[Records contained in a dataset]
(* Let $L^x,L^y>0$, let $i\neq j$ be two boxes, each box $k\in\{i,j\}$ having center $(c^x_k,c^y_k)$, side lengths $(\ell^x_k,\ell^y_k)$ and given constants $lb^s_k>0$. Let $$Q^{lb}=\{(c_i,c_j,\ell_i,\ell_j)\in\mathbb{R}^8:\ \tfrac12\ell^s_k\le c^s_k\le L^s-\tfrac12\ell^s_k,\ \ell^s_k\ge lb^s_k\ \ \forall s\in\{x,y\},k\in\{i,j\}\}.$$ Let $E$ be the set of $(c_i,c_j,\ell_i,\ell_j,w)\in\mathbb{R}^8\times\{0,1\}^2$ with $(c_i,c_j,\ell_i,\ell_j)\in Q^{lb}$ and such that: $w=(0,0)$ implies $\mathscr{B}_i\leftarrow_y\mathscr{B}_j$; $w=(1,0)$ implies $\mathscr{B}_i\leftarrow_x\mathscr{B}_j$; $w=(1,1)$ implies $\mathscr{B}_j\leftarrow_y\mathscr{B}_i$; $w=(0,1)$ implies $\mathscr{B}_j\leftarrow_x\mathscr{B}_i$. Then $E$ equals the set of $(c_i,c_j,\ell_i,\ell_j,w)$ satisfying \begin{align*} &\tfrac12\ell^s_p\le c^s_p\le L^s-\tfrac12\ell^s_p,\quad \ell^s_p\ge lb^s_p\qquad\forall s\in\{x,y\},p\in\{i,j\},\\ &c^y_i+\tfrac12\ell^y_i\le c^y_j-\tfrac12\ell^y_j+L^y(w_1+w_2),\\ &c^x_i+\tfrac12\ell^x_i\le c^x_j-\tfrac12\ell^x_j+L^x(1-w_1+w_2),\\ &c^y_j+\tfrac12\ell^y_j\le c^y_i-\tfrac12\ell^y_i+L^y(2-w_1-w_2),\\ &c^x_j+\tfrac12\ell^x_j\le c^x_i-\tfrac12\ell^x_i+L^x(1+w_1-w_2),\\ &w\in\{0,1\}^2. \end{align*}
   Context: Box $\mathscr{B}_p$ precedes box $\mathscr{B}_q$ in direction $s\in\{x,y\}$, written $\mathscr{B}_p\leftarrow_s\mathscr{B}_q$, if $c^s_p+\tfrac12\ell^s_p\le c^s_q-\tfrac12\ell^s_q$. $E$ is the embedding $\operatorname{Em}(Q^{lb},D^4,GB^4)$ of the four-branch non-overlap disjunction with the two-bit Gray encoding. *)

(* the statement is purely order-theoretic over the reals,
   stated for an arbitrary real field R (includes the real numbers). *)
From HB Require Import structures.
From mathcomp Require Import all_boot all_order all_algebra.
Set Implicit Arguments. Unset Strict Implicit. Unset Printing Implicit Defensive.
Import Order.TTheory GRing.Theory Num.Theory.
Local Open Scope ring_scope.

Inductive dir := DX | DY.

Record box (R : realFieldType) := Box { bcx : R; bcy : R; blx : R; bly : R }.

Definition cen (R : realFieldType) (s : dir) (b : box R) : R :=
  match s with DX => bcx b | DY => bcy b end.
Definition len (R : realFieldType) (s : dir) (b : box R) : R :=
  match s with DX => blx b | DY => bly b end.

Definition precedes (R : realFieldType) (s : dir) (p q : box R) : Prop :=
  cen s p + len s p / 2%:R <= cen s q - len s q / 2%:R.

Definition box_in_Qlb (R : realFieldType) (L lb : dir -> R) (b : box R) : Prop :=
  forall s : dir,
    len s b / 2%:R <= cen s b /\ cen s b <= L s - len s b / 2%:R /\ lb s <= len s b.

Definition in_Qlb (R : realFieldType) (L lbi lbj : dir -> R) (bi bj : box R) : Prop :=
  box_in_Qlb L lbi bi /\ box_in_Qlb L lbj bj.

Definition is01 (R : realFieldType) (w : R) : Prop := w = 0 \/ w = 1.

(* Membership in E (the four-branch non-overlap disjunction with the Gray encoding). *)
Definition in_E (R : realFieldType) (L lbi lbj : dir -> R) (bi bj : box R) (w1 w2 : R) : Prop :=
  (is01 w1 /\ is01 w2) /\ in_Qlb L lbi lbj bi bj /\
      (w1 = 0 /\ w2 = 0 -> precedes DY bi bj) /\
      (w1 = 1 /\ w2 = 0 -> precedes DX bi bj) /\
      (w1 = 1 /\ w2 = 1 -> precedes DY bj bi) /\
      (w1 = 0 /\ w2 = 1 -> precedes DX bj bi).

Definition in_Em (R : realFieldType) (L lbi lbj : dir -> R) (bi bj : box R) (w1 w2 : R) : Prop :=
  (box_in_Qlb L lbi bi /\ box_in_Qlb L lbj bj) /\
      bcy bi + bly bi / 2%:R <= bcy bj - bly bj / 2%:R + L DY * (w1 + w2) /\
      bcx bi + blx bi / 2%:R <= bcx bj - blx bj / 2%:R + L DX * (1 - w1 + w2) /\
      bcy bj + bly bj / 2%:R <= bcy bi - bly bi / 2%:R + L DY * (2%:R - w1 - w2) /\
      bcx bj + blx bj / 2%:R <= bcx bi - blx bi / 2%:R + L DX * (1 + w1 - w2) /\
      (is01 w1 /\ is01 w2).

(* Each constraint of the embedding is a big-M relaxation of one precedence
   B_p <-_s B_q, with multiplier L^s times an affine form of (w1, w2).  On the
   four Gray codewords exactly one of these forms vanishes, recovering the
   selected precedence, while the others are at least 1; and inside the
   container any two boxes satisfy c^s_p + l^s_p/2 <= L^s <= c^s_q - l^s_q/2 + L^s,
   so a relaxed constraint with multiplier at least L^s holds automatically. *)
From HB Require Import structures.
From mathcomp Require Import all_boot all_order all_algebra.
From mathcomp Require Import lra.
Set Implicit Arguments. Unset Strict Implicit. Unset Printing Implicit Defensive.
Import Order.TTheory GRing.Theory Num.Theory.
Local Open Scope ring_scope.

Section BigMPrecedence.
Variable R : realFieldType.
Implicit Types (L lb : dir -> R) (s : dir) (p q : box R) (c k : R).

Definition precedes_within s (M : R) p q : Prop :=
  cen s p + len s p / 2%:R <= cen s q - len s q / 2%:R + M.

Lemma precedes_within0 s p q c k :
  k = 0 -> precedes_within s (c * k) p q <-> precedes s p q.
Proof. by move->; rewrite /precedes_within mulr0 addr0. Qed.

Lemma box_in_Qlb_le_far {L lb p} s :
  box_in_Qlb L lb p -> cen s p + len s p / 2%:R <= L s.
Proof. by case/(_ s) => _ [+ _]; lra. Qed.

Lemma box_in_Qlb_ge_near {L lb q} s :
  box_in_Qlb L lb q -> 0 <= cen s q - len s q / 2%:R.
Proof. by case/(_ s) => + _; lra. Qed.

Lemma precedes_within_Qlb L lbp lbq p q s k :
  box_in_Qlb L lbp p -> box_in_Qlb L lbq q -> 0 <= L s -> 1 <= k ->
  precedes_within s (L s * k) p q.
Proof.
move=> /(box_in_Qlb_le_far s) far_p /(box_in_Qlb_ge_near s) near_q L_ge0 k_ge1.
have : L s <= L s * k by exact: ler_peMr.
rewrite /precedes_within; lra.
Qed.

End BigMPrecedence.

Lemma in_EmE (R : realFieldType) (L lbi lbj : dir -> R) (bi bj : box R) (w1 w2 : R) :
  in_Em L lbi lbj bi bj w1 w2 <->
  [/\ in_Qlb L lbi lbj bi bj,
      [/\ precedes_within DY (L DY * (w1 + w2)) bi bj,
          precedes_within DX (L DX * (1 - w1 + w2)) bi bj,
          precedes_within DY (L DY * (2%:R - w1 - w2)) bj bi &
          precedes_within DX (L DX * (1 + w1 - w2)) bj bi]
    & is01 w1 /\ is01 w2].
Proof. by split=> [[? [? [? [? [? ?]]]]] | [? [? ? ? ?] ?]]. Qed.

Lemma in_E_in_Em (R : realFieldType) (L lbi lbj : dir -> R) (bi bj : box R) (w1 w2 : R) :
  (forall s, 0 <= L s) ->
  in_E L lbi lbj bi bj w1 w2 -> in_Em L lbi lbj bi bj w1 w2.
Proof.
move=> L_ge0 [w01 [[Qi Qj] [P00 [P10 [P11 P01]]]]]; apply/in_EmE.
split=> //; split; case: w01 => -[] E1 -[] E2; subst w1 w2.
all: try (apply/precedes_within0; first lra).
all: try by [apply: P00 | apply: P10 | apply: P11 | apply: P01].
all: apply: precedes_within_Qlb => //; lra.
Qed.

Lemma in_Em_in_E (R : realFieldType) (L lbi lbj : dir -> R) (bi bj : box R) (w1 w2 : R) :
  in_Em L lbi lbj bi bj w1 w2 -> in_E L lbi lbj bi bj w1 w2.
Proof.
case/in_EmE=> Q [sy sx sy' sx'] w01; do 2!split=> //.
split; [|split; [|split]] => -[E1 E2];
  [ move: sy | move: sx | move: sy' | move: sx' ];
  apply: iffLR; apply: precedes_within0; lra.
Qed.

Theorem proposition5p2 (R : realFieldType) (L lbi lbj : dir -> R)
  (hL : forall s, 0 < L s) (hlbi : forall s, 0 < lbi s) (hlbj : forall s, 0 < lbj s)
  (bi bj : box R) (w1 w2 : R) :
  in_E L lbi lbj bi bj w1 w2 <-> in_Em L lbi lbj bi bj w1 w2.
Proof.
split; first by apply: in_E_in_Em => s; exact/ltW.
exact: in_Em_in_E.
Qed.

> [Aim of the task]: Copy, exactly and only, the lines above that begin with the one containing "(w1 = 1 /\ w2 = 1" and finish with the one containing "(* Each constraint".

> [The answer]:
      (w1 = 1 /\ w2 = 1 -> precedes DY bj bi) /\
      (w1 = 0 /\ w2 = 1 -> precedes DX bj bi).

Definition in_Em (R : realFieldType) (L lbi lbj : dir -> R) (bi bj : box R) (w1 w2 : R) : Prop :=
  (box_in_Qlb L lbi bi /\ box_in_Qlb L lbj bj) /\
      bcy bi + bly bi / 2%:R <= bcy bj - bly bj / 2%:R + L DY * (w1 + w2) /\
      bcx bi + blx bi / 2%:R <= bcx bj - blx bj / 2%:R + L DX * (1 - w1 + w2) /\
      bcy bj + bly bj / 2%:R <= bcy bi - bly bi / 2%:R + L DY * (2%:R - w1 - w2) /\
      bcx bj + blx bj / 2%:R <= bcx bi - blx bi / 2%:R + L DX * (1 + w1 - w2) /\
      (is01 w1 /\ is01 w2).

(* Each constraint of the embedding is a big-M relaxation of one precedence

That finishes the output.